CARIBOU, Maine — A Superior Court jury deliberated for 2½ hours Wednesday before finding baby sitter Heather Fortin not guilty of manslaughter in the death of 20-month-old Teairra Leathers last year.

Fortin, 25, of Limestone, gasped, fell into the arms of a male friend and began to cry when the jury forewoman gave Justice Kevin Cuddy the verdict shortly before 4 p.m., concluding the two-day trial.

“Justice is served,” Fortin’s attorney, Jon C. Gale, said after the jury’s decision.

“There were a number of problems with the state’s case,” Gale said. “In the beginning, they worked under the belief that the evidence would show that my client committed the crime and so [the state] failed to satisfactorily investigate other suspects.”

Fortin declined to comment. The baby’s mother, Rena Leathers, was in court but left before she could be interviewed.
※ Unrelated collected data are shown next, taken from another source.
(* Let $M=\{a,\bar a,b,\bar b\}^*$ be the free monoid on the four letters $a,\bar a,b,\bar b$, and let $F$ be the free group with free basis $\{a,\bar a,b,\bar b\}$. Equip $F$ with the profinite topology, and equip $M$ with the subspace topology induced by the natural embedding $M\hookrightarrow F$. Let $D_2^{'*}\subseteq M$ be the one-sided Dyck language and $D_2^*\subseteq M$ the two-sided Dyck language on the two pairs $\{a,\bar a\}$, $\{b,\bar b\}$. Then the closure of $D_2^{'*}$ in $M$ equals $D_2^*$.
   Context: The profinite topology on $F$ is the group topology in which the subgroups of finite index of $F$ form a basis of open neighborhoods of $1_F$. The one-sided (restricted) Dyck language $D_2^{'*}$ consists of the words $w\in M$ that can be reduced to the empty word by successively deleting subwords of the form $a\bar a$ or $b\bar b$ (i.e. $a,b$ are opening brackets and $\bar a,\bar b$ the corresponding closing brackets, and the word is correctly bracketed with each opening bracket preceding its closing bracket). The two-sided (unrestricted) Dyck language $D_2^*$ consists of the words $w\in M$ that can be reduced to the empty word by successively deleting subwords of the form $a\bar a$, $\bar a a$, $b\bar b$, or $\bar b b$. *)

From HB Require Import structures.
From mathcomp Require Import all_boot.
From Stdlib Require Import Relation_Operators.

Set Implicit Arguments.
Unset Strict Implicit.
Unset Printing Implicit Defensive.

Inductive letter := La | Labar | Lb | Lbbar.

Definition letter_eqb (x y : letter) : bool :=
  match x, y with
  | La, La | Labar, Labar | Lb, Lb | Lbbar, Lbbar => true
  | _, _ => false
  end.
Lemma letter_eqP : Equality.axiom letter_eqb.
Proof. by case; case; constructor. Qed.
HB.instance Definition _ := hasDecEq.Build letter letter_eqP.

Definition M := seq letter.

(* Group words: a letter together with an exponent sign (true = inverse).
   An element of F is represented by any word; two words represent the same
   element of F iff they have the same free reduction. *)
Definition gletter := (letter * bool)%type.
Definition gword := seq gletter.

Definition ginvl (x : gletter) : gletter := (x.1, ~~ x.2).
Lemma linked_le i u : linked i u -> u i <= C.+1.
Proof.
move=> lu; have cu := linked_color lu.
case: (linked_cell lu) => [-> //|[s [si us]]].
have [-> //|u0] := eqVneq (u i) 0.
have Vu : V i (cell (grid_point u)) by rewrite -cu; apply: color_cell; rewrite cu.
have := V_bounded Vu (cellP (grid_point_lattice u)).2 us.
by have := supdist_grid_ge u s i; rewrite si; nia.
Qed.

Definition label (u : 'I_n -> nat) : nat :=
  if excluded_middle_informative (linked (color u) u) then (color u).+1 else 0.

Lemma label_le u : label u <= n.
Proof. by rewrite /label; case: excluded_middle_informative => lu /=. Qed.

Lemma label_eq0 u : label u = 0 -> ~ linked (color u) u.
Proof. by rewrite /label; case: excluded_middle_informative. Qed.

Lemma label_eqS u (c : 'I_n) : label u = c.+1 -> linked c u.
Proof.
by rewrite /label; case: excluded_middle_informative => lu //= [/ord_inj cu]; rewrite -cu.
Qed.

Lemma label_top u i : u i = C.+2 -> label u != i.+1.
Proof. by move=> ui; apply/negP => /eqP /label_eqS /linked_le; rewrite ui ltnn. Qed.

Lemma label_last_zero u c : last_zero u c -> label u = c.+1.
Proof.
move=> uc; rewrite /label (color_last_zero uc).
case: excluded_middle_informative => // [[]].
exact: linked_base uc.1 (color_last_zero uc).
Qed.

Lemma cover_labelling_false : False.
Proof.
have [[x s] /forallP full] := @kuhn_sperner np C.+1 label label_le
  (fun u i _ => @label_top u i) (fun u c _ => @label_last_zero u c).
have /existsP[j0 /eqP /label_eq0 nl0] := full ord0.
have /existsP[j1 /eqP l1] := full (inord (color (kuhn_vertex x s j0)).+1).
apply/nl0/(linked_step (w := kuhn_vertex x s j1)) => //; last exact: kuhn_vertex_adjacent.
apply: label_eqS; move: l1; rewrite /simplex_labels /= inordK //.
by have := ltn_ord (color (kuhn_vertex x s j0)); lia.
Qed.
End CoverLabelling.

Lemma unif_bounded_common n m (V : 'I_m -> setfam n) : (forall i, unif_bounded (V i)) ->
  exists C, forall i A, V i A -> forall x y, A x -> A y -> supdist x y <= C.
Proof.
move=> /fin_all_exists[C VC]; exists (\max_i C i) => i A VA x y Ax Ay.
exact: leq_trans (VC i A VA x y Ax Ay) (leq_bigmax i).
Qed.

Lemma cover_choice n m k (V : 'I_m.+1 -> setfam n) :
  (forall x, lattice k x -> exists i A, V i A /\ A x) ->
  exists (col : point n -> 'I_m.+1) (cell : point n -> point n -> Prop),
    forall x, lattice k x -> V (col x) (cell x) /\ cell x x.
Proof.
move=> cover.
have pick x : {p : 'I_m.+1 * (point n -> Prop) | lattice k x -> V p.1 p.2 /\ p.2 x}.
  apply: constructive_indefinite_description.
  have [/cover[i [A VA]]|nL] := classic (lattice k x); first by exists (i, A).
  by exists (ord0, fun _ => True).
by exists (fun x => (sval (pick x)).1), (fun x => (sval (pick x)).2) => x; case: pick.
Qed.

Theorem lemma3 (k n : nat) (hk : 0 < k) (hn : 0 < n) :
  ~ exists V : 'I_n -> setfam n,
      (forall i A, V i A -> forall x, A x -> lattice k x) /\
      (forall i, unif_bounded (V i)) /\
      (forall i, r_disjoint (2 * k) (V i)) /\
      (forall x, lattice k x -> exists i A, V i A /\ A x).
Proof.
(* The cover is only queried at lattice points. *)
case: n hn => // np _ [V [_ [/unif_bounded_common[C VC] [Vdisj]]]].
move=> /cover_choice[col [cell cellP]].
exact: (cover_labelling_false hk VC Vdisj cellP).
Qed.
Assistant Attorney General Andrew Benson conceded that his case was flawed.

“We always said it was going to be extremely difficult to get a conviction because the case was based entirely upon circumstantial evidence,” Benson said after the verdict.

Fortin was indicted for manslaughter nine days after accepting 20-month-old Teairra into her care for the evening of June 18, 2007, while her friend Leathers and Leathers’ then-boyfriend, Shayne Ellis, attended a Narcotics Anonymous meeting in Caribou.

According to Fortin and several witnesses who testified, Fortin called 911 within 15 minutes of receiving Teairra at her Huggard Avenue house because the little girl had gone limp and was struggling to breathe. Teairra Leathers died a day later at Eastern Maine Medical Center in Bangor.

State police arrested Fortin on June 27 and charged her with manslaughter. She pleaded not guilty and spent an undetermined amount of time incarcerated at the Aroostook County Jail before being released on bail.

State police never believed the story offered by Fortin and her friends, Benson said. They claimed that at first the baby was happy and lively and cooperative, even cheerful when Fortin changed her, but lapsed into mysterious unconsciousness almost immediately afterward.

State Deputy Chief Medical Examiner Dr. Marguerite DeWitt and pediatric neurologist Dr. Stephen Rioux of Portland testified that Teairra’s apparent injuries — blunt trauma to her head — would have forced unconsciousness upon her within five to seven minutes of their occurrence, Benson said.

But Gale said he elicited further evidence during his cross-examination.

“In essence, neither of the physicians could say that the medical evidence proved that the injuries to the child occurred while Heather Fortin cared for the child,” Gale said.

Nor were there any witnesses to any malfeasance on Fortin’s part, or anything in Fortin’s past, Gale said, that indicated she could harm a child.

Also, key witness Elizabeth Ellis reversed her testimony, Gale said. The grandmother of Leathers’ ex-boyfriend, Ellis had told state police that the baby was cheerful and sat in an infant’s car seat during the car ride to Fortin’s house.

But under cross-examination, Ellis said that the baby was unusually quiet and sat wrapped in a blanket in her mother’s lap during the ride, Gale said.

“The doctors also testified that they were unable to determine whether the child died from blunt trauma, shaking, or a combination of the two,” Gale said.

The verdict will likely leave Teairra’s death a mystery, Benson said.

“We have prosecuted the one person against whom we had any evidence,” he said. “There is no evidence pointing to any other person.”